Top of RECORDS FOR THIS EXERCISE

(* Consider a PWA system, as defined in the context, satisfying (A1)–(A6) with known global dynamical relative degree $\mu=2$. Then its inverse is given by the explicit, anticausal PWA system $x_{k+1}=\overline{\mathbf{A}}_k x_k+\overline{\mathbf{B}}_k y_{k+2}+\overline{\mathbf{F}}_k$, $u_k=\overline{\mathbf{C}}_k x_k+\overline{\mathbf{D}}_k y_{k+2}+\overline{\mathbf{G}}_k$, where $\overline{\mathbf{D}}_k=(C_{k+2}\mathbf{A}_{k+1}\mathbf{B}_k)^{-1}$, $\overline{\mathbf{C}}_k=-\overline{\mathbf{D}}_kC_{k+2}\mathbf{A}_{k+1}\mathbf{A}_k$, $\overline{\mathbf{G}}_k=-\overline{\mathbf{D}}_k(C_{k+2}\mathbf{A}_{k+1}\mathbf{F}_k+C_{k+2}\mathbf{F}_{k+1}+G_{k+2})$, $\overline{\mathbf{A}}_k=\mathbf{A}_k+\mathbf{B}_k\overline{\mathbf{C}}_k$, $\overline{\mathbf{B}}_k=\mathbf{B}_k\overline{\mathbf{D}}_k$, $\overline{\mathbf{F}}_k=\mathbf{F}_k+\mathbf{B}_k\overline{\mathbf{G}}_k$; here the location at time $k+1$ (which determines $\mathbf{A}_{k+1}$ and $\mathbf{F}_{k+1}$) does not depend on $u_k$.
   Context: A discrete-time piecewise affine (PWA) system is $x_{k+1}=\mathbf{A}_k x_k+\mathbf{B}_k u_k+\mathbf{F}_k$, $y_k=\mathbf{C}_k x_k+\mathbf{D}_k u_k+\mathbf{G}_k$, $k\in\mathbb{Z}$, with state $x_k\in\mathbb{R}^{n_x}$, input $u_k\in\mathbb{R}^{n_u}$, output $y_k\in\mathbb{R}^{n_y}$. For each $M\in\{A,B,F,C,D,G\}$, $\mathbf{M}_k=\sum_{q=1}^{|Q|} M_{q,k}K_q(\delta_k)$, where the $M_{q,k}$ are real matrices (possibly time-varying), $\delta_k=\delta(x_k)=H(Px_k-\theta)$ with $H$ the elementwise Heaviside step function, $P\in\mathbb{R}^{n_P\times n_x}$, $\theta\in\mathbb{R}^{n_P}$, and $K_q(\delta)=1$ if $\delta\in\Delta^*_q$ and $0$ otherwise ($\Delta^*_q$ a set of binary vectors). The locations $Q_q=\{x:\delta(x)\in\Delta^*_q\}$ are disjoint, have union $\mathbb{R}^{n_x}$, and each is a union of disjoint convex polytopes. The $q$-th component model is the affine system with matrices $A_{q,k},\dots,G_{q,k}$ and relative degree $\mu_q$ (number of time steps for an input value to influence the output). Global dynamical relative degree: the smallest integer $\mu\ge 0$ such that the explicit expression of $y_{k+\mu}$ in terms of the component matrices, the selector functions $K_q$, $x_k$ and $u_i$ ($i\ge k$) contains $u_k$ outside of a selector function for every switching sequence on time steps $k,\dots,k+\mu$. Assumptions: (A1) $x_0$ lies in the set of initial conditions from which every location is reachable in finite time; (A2) single-input single-output; (A3) switching depends only on the state, not the input; (A4) all component models have the same relative degree $\mu_c$ for all $q$ and $k$; (A5) $\mathbf{C}_k=C_k$, $\mathbf{D}_k=D_k$, $\mathbf{G}_k=G_k$, identical for all locations and known for all $k$; (A6) output-based switching with time-invariant output function: $P=P_o\mathbf{C}_k$ and $\theta=\theta_o-P_o\mathbf{G}_k$ with $\mathbf{C}_k=C$, $\mathbf{G}_k=G$ for all $k$, where $P_o,\theta_o$ contain orientation vectors and offsets of hyperplanes in the output space. The inverse is explicit in that $u_k$ and $x_{k+1}$ are computable directly from $x_k$ and $y_{k+2}$; it is anticausal since $u_k$ depends on the future output $y_{k+2}$. *)

From HB Require Import structures.
From mathcomp Require Import all_boot all_order all_algebra.
Set Implicit Arguments. Unset Strict Implicit. Unset Printing Implicit Defensive.
Import Order.TTheory GRing.Theory Num.Theory.
Local Open Scope ring_scope.

(* Discrete-time SISO piecewise affine system with |Q| locations,
   state dimension nx, nP switching hyperplanes.  Time k : nat.
   (A2) SISO: input/output dimension 1.
   (A5) C_k, D_k, G_k are common to all locations (built into the data). *)
Record pwa (R : realFieldType) (Q : finType) (nx nP : nat) := PWA {
  pA : Q -> nat -> 'M[R]_nx;
  pB : Q -> nat -> 'M[R]_(nx, 1);
  pF : Q -> nat -> 'cV[R]_nx;
  pC : nat -> 'M[R]_(1, nx);
  pD : nat -> 'M[R]_1;
  pG : nat -> 'cV[R]_1;
  pP : 'M[R]_(nP, nx);
  ptheta : 'cV[R]_nP;
  pDelta : Q -> {set 'cV[bool]_nP}
}.

Section PWA.
Variables (R : realFieldType) (Q : finType) (nx nP : nat) (S : pwa R Q nx nP).

Definition delta (x : 'cV[R]_nx) : 'cV[bool]_nP :=
  \col_i (0 <= (pP S *m x - ptheta S) i 0).

Definition K (q : Q) (d : 'cV[bool]_nP) : bool := d \in pDelta S q.

Definition bold (a b : nat) (M : Q -> nat -> 'M[R]_(a, b)) (k : nat)
    (x : 'cV[R]_nx) : 'M[R]_(a, b) :=
  \sum_(q : Q) (K q (delta x) : nat)%:R *: M q k.

Definition step (k : nat) (x : 'cV[R]_nx) (u : 'cV[R]_1) : 'cV[R]_nx :=
  bold (pA S) k x *m x + bold (pB S) k x *m u + bold (pF S) k x.

Definition output (k : nat) (x : 'cV[R]_nx) (u : 'cV[R]_1) : 'cV[R]_1 :=
  pC S k *m x + pD S k *m u + pG S k.

Definition is_traj (x : nat -> 'cV[R]_nx) (u y : nat -> 'cV[R]_1) : Prop :=
  forall k, x k.+1 = step k (x k) (u k) /\ y k = output k (x k) (u k).

Fixpoint traj (x0 : 'cV[R]_nx) (u : nat -> 'cV[R]_1) (k : nat) : 'cV[R]_nx :=
  match k with
  | 0 => x0
  | k'.+1 => step k' (traj x0 u k') (u k')
  end.

Definition locations_partition : Prop :=
  forall x : 'cV[R]_nx, exists! q : Q, K q (delta x).

Definition reaches_all (x0 : 'cV[R]_nx) : Prop :=
  forall q : Q, exists (u : nat -> 'cV[R]_1) (N : nat), K q (delta (traj x0 u N)).

(* Transition along a switching sequence s (s i = location active at time i):
   stt s k j = A_{s(k+j),k+j} ... A_{s(k+1),k+1}  (identity for j = 0). *)
Fixpoint stt (s : nat -> Q) (k j : nat) : 'M[R]_nx :=
  match j with
  | 0 => 1%:M
  | j'.+1 => pA S (s (k + j)) (k + j) *m stt s k j'
  end.

(* coefficient of u_k in the explicit expression of y_{k+j}, for the
   switching sequence s on time steps k, ..., k+j *)
Definition markov (s : nat -> Q) (k j : nat) : 'M[R]_1 :=
  match j with
  | 0 => pD S k
  | j'.+1 => pC S (k + j) *m stt s k j' *m pB S (s k) k
  end.

Definition comp_reldeg (q : Q) (k mu : nat) : Prop :=
  markov (fun _ => q) k mu != 0 /\
  (forall j, (j < mu)%N -> markov (fun _ => q) k j = 0).

(* global dynamical relative degree: smallest mu such that, for every time k
   and every switching sequence, y_{k+mu} contains u_k (nonzero coefficient) *)
Definition glob_reldeg (mu : nat) : Prop :=
  (forall k (s : nat -> Q), markov s k mu != 0) /\
  (forall j, (j < mu)%N -> ~ (forall k (s : nat -> Q), markov s k j != 0)).

(* u_k-free prediction of x_{k+1}; determines the location at k+1 *)
Definition xpred (k : nat) (x : 'cV[R]_nx) : 'cV[R]_nx :=
  bold (pA S) k x *m x + bold (pF S) k x.

Definition A1 k x := bold (pA S) k.+1 (xpred k x).
Definition F1 k x := bold (pF S) k.+1 (xpred k x).

Definition CAB k x : 'M[R]_1 := pC S k.+2 *m A1 k x *m bold (pB S) k x.

Definition Dbar k x : 'M[R]_1 := invmx (CAB k x).
Definition Cbar k x : 'M[R]_(1, nx) :=
  - (Dbar k x *m pC S k.+2 *m A1 k x *m bold (pA S) k x).
Definition Gbar k x : 'cV[R]_1 :=
  - (Dbar k x *m (pC S k.+2 *m A1 k x *m bold (pF S) k x
                  + pC S k.+2 *m F1 k x + pG S k.+2)).
Definition Abar k x : 'M[R]_nx := bold (pA S) k x + bold (pB S) k x *m Cbar k x.
Definition Bbar k x : 'M[R]_(nx, 1) := bold (pB S) k x *m Dbar k x.
Definition Fbar k x : 'cV[R]_nx := bold (pF S) k x + bold (pB S) k x *m Gbar k x.

End PWA.

From HB Require Import structures.
From mathcomp Require Import all_boot all_order all_algebra.
Set Implicit Arguments. Unset Strict Implicit. Unset Printing Implicit Defensive.
Import Order.TTheory GRing.Theory Num.Theory.
Local Open Scope ring_scope.

(* A common component relative degree mu_c equal to 0 or 1 would make u_k
   appear in y_k or y_(k+1) for every switching sequence, contradicting
   mu = 2; hence D_k = 0 and C B_(q,k) = 0 for all q, k.  With output-based
   switching P = P_o C, the location at time k+1 therefore depends on
   C x_(k+1) = C (A_k x_k + F_k) only, not on u_k.  Unrolling two steps,
   y_(k+2) is affine in u_k with coefficient C A_(k+1) B_k, which is the
   degree-2 Markov parameter of an actual switching sequence and hence a
   nonzero, invertible 1x1 matrix; solving for u_k and substituting into
   the state equation gives the inverse system. *)

Lemma mx11_unitmx (F : fieldType) (M : 'M[F]_1) : (M \in unitmx) = (M != 0).
Proof.
rewrite unitmxE det_mx11 unitfE {2}[M]mx11_scalar -scalemx1 scalemx_eq0.
by rewrite negb_or matrix_nonzero1 andbT.
Qed.

Lemma solve_affine_input (R : comUnitRingType) (m n p : nat)
    (M : 'M[R]_m) (N : 'M[R]_(m, n)) (x : 'M[R]_(n, p)) (u y g : 'M[R]_(m, p)) :
  M \in unitmx -> y = N *m x + M *m u + g ->
  u = - (invmx M *m N) *m x + invmx M *m y - invmx M *m g.
Proof.
move=> Munit ->; rewrite !mulmxDr !mulmxA mulVmx // mul1mx mulNmx.
by rewrite addrA addKr addrK.
Qed.

Lemma affine_step_feedback (R : pzRingType) (n m p : nat)
    (a : 'M[R]_n) (b : 'M[R]_(n, m)) (f x : 'cV[R]_n) (u : 'cV[R]_m)
    (y : 'cV[R]_p) (Cb : 'M[R]_(m, n)) (Db : 'M[R]_(m, p)) (Gb : 'cV[R]_m) :
  u = Cb *m x + Db *m y + Gb ->
  a *m x + b *m u + f = (a + b *m Cb) *m x + (b *m Db) *m y + (f + b *m Gb).
Proof.
move=> ->; rewrite !mulmxDr !mulmxDl !mulmxA.
by rewrite !addrA [RHS]addrAC.
Qed.

Section PiecewiseAffine.

Variables (R : realFieldType) (Q : finType) (nx nP : nat) (S : pwa R Q nx nP).

Lemma bold_active (a b : nat) (M : Q -> nat -> 'M[R]_(a, b)) k x q :
  locations_partition S -> K S q (delta S x) -> bold S M k x = M q k.
Proof.
move=> partS qx; rewrite /bold (bigD1 q) //= qx scale1r big1 ?addr0 // => q' q'q.
have [q0 [_ q0_uniq]] := partS x.
case q'x: (K S q' (delta S x)); last by rewrite scale0r.
by move: q'q; rewrite -(q0_uniq _ qx) (q0_uniq _ q'x) eqxx.
Qed.

Lemma bold_delta (a b : nat) (M : Q -> nat -> 'M[R]_(a, b)) k x x' :
  delta S x = delta S x' -> bold S M k x = bold S M k x'.
Proof. by rewrite /bold => ->. Qed.

Lemma mulmx_bold_eq0 (m a b : nat) (N : 'M[R]_(m, a))
    (M : Q -> nat -> 'M[R]_(a, b)) k x :
  (forall q, N *m M q k = 0) -> N *m bold S M k x = 0.
Proof.
by move=> NM0; rewrite /bold mulmx_sumr big1 // => q _; rewrite -scalemxAr NM0 scaler0.
Qed.

Lemma markov2 s k :
  markov S s k 2 = pC S k.+2 *m pA S (s k.+1) k.+1 *m pB S (s k) k.
Proof.
(* [stt] indexes [s] by a ring-scope sum on [nat], which [addn1] does not see. *)
by rewrite /markov /= mulmx1 -[(k + 1)%R]/(k + 1)%N !addn1 addn2.
Qed.

Lemma comp_reldeg_gt1 mu muc :
  locations_partition S -> (1 < mu)%N -> glob_reldeg S mu ->
  (forall q k, comp_reldeg S q k muc) -> (1 < muc)%N.
Proof.
move=> partS mu_gt1 [_ glob_min] reldeg; have [q0 _] := partS 0.
case: muc reldeg => [|[|//]] reldeg; exfalso.
- by apply: (glob_min 0%N (ltnW mu_gt1)) => k s; exact: (reldeg q0 k).1.
- by apply: (glob_min 1%N mu_gt1) => k s; exact: (reldeg (s k) k).1.
Qed.

Lemma comp_reldeg_pD q k muc :
  comp_reldeg S q k muc -> (0 < muc)%N -> pD S k = 0.
Proof. by move=> [_ markov_lt] /markov_lt. Qed.

Lemma comp_reldeg_pCpB q k muc :
  comp_reldeg S q k muc -> (1 < muc)%N -> pC S k.+1 *m pB S q k = 0.
Proof. by move=> [_ markov_lt] /markov_lt; rewrite /markov /= mulmx1 addn1. Qed.

Lemma delta_step_xpred (m : nat) (C : 'M[R]_(m, nx)) (Po : 'M[R]_(nP, m)) k x v :
  pP S = Po *m C -> (forall q, C *m pB S q k = 0) ->
  delta S (step S k x v) = delta S (xpred S k x).
Proof.
move=> PE CB0.
have CstepE : C *m step S k x v = C *m xpred S k x.
  rewrite /step /xpred addrAC !mulmxDr [C *m (_ *m v)]mulmxA.
  by rewrite (mulmx_bold_eq0 _ CB0) mul0mx addr0.
by rewrite /delta PE -!mulmxA CstepE.
Qed.

Lemma traj_output_ahead2 x u y k :
  is_traj S x u y -> pD S k.+2 = 0 -> (forall q, pC S k.+2 *m pB S q k.+1 = 0) ->
  delta S (x k.+1) = delta S (xpred S k (x k)) ->
  y k.+2 = pC S k.+2 *m A1 S k (x k) *m bold S (pA S) k (x k) *m x k
           + CAB S k (x k) *m u k
           + (pC S k.+2 *m A1 S k (x k) *m bold S (pF S) k (x k)
              + pC S k.+2 *m F1 S k (x k) + pG S k.+2).
Proof.
move=> traj D0 CB0 deltaE.
rewrite (traj k.+2).2 /output D0 mul0mx addr0 (traj k.+1).1 /step.
rewrite (bold_delta (pA S) _ deltaE) (bold_delta (pF S) _ deltaE).
rewrite -/(A1 S k (x k)) -/(F1 S k (x k)) !mulmxDr [_ *m (_ *m u _)]mulmxA.
rewrite (mulmx_bold_eq0 _ CB0) mul0mx addr0 (traj k).1 /step /CAB.
by rewrite !mulmxDr !mulmxA !addrA.
Qed.

Lemma CAB_neq0 k x :
  locations_partition S -> (forall s, markov S s k 2 != 0) -> CAB S k x != 0.
Proof.
move=> partS markov2_neq0.
have [q1 [q1x _]] := partS x; have [q2 [q2x _]] := partS (xpred S k x).
have := markov2_neq0 (fun i => if i == k then q1 else q2).
rewrite markov2 /= eqxx (gtn_eqF (ltnSn k)).
by rewrite /CAB /A1 (bold_active _ _ partS q2x) (bold_active _ _ partS q1x).
Qed.

End PiecewiseAffine.

Theorem corollary2 (R : realFieldType) (Q : finType) (nx nP : nat)
    (S : pwa R Q nx nP) (x0 : 'cV[R]_nx)
    (C : 'M[R]_(1, nx)) (G : 'cV[R]_1) (Po : 'M[R]_(nP, 1)) (thetao : 'cV[R]_nP) :
  locations_partition S ->
  (* (A1) *) reaches_all S x0 ->
  (* (A4) *) (exists muc : nat, forall (q : Q) (k : nat), comp_reldeg S q k muc) ->
  (* (A6) *) (forall k, pC S k = C) -> (forall k, pG S k = G) ->
  pP S = Po *m C -> ptheta S = thetao - Po *m G ->
  (* known global dynamical relative degree 2 *)
  glob_reldeg S 2 ->
  (* the location at time k+1 does not depend on u_k *)
  (forall (k : nat) (x : 'cV[R]_nx) (v : 'cV[R]_1),
      delta S (step S k x v) = delta S (xpred S k x)) /\
  (* the inverse system reproduces input and state from x_k and y_{k+2} *)
  (forall (x : nat -> 'cV[R]_nx) (u y : nat -> 'cV[R]_1),
      x 0%N = x0 -> is_traj S x u y ->
      forall k : nat,
        CAB S k (x k) \in unitmx /\
        u k = Cbar S k (x k) *m x k + Dbar S k (x k) *m y k.+2 + Gbar S k (x k) /\
        x k.+1 = Abar S k (x k) *m x k + Bbar S k (x k) *m y k.+2 + Fbar S k (x k)).
Proof.
move=> partS _ [muc reldeg] pCE _ pPE _ glob2; have [q0 _] := partS 0.
have muc_gt1 := comp_reldeg_gt1 partS (ltnSn 1) glob2 reldeg.
have D0 k : pD S k = 0 by apply: comp_reldeg_pD (reldeg q0 k) (ltnW muc_gt1).
have CB0 q k : C *m pB S q k = 0.
  by rewrite -(pCE k.+1); apply: comp_reldeg_pCpB (reldeg q k) muc_gt1.
have deltaE k x v : delta S (step S k x v) = delta S (xpred S k x).
  exact: delta_step_xpred pPE (CB0^~ k).
split=> // x u y _ traj k.
have CAB_unit : CAB S k (x k) \in unitmx.
  by rewrite mx11_unitmx CAB_neq0 // => s; apply: glob2.1.
have CB0_next q : pC S k.+2 *m pB S q k.+1 = 0 by rewrite pCE.
have delta_next : delta S (x k.+1) = delta S (xpred S k (x k)) by rewrite (traj k).1.
have yE := traj_output_ahead2 traj (D0 _) CB0_next delta_next.
have uE : u k = Cbar S k (x k) *m x k + Dbar S k (x k) *m y k.+2 + Gbar S k (x k).
  by rewrite (solve_affine_input CAB_unit yE) /Cbar /Dbar /Gbar !mulmxA.
by split=> //; split=> //; rewrite (traj k).1 /step; apply: affine_step_feedback.
Qed.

Bottom of RECORDS FOR THIS EXERCISE

PROBLEM REQUIREMENTS: When a line in the data holds the word "Gbar", show that line.

REPLY TO THE TASK:
Definition Gbar k x : 'cV[R]_1 :=
Definition Fbar k x : 'cV[R]_nx := bold (pF S) k x + bold (pB S) k x *m Gbar k x.
        u k = Cbar S k (x k) *m x k + Dbar S k (x k) *m y k.+2 + Gbar S k (x k) /\
have uE : u k = Cbar S k (x k) *m x k + Dbar S k (x k) *m y k.+2 + Gbar S k (x k).
  by rewrite (solve_affine_input CAB_unit yE) /Cbar /Dbar /Gbar !mulmxA.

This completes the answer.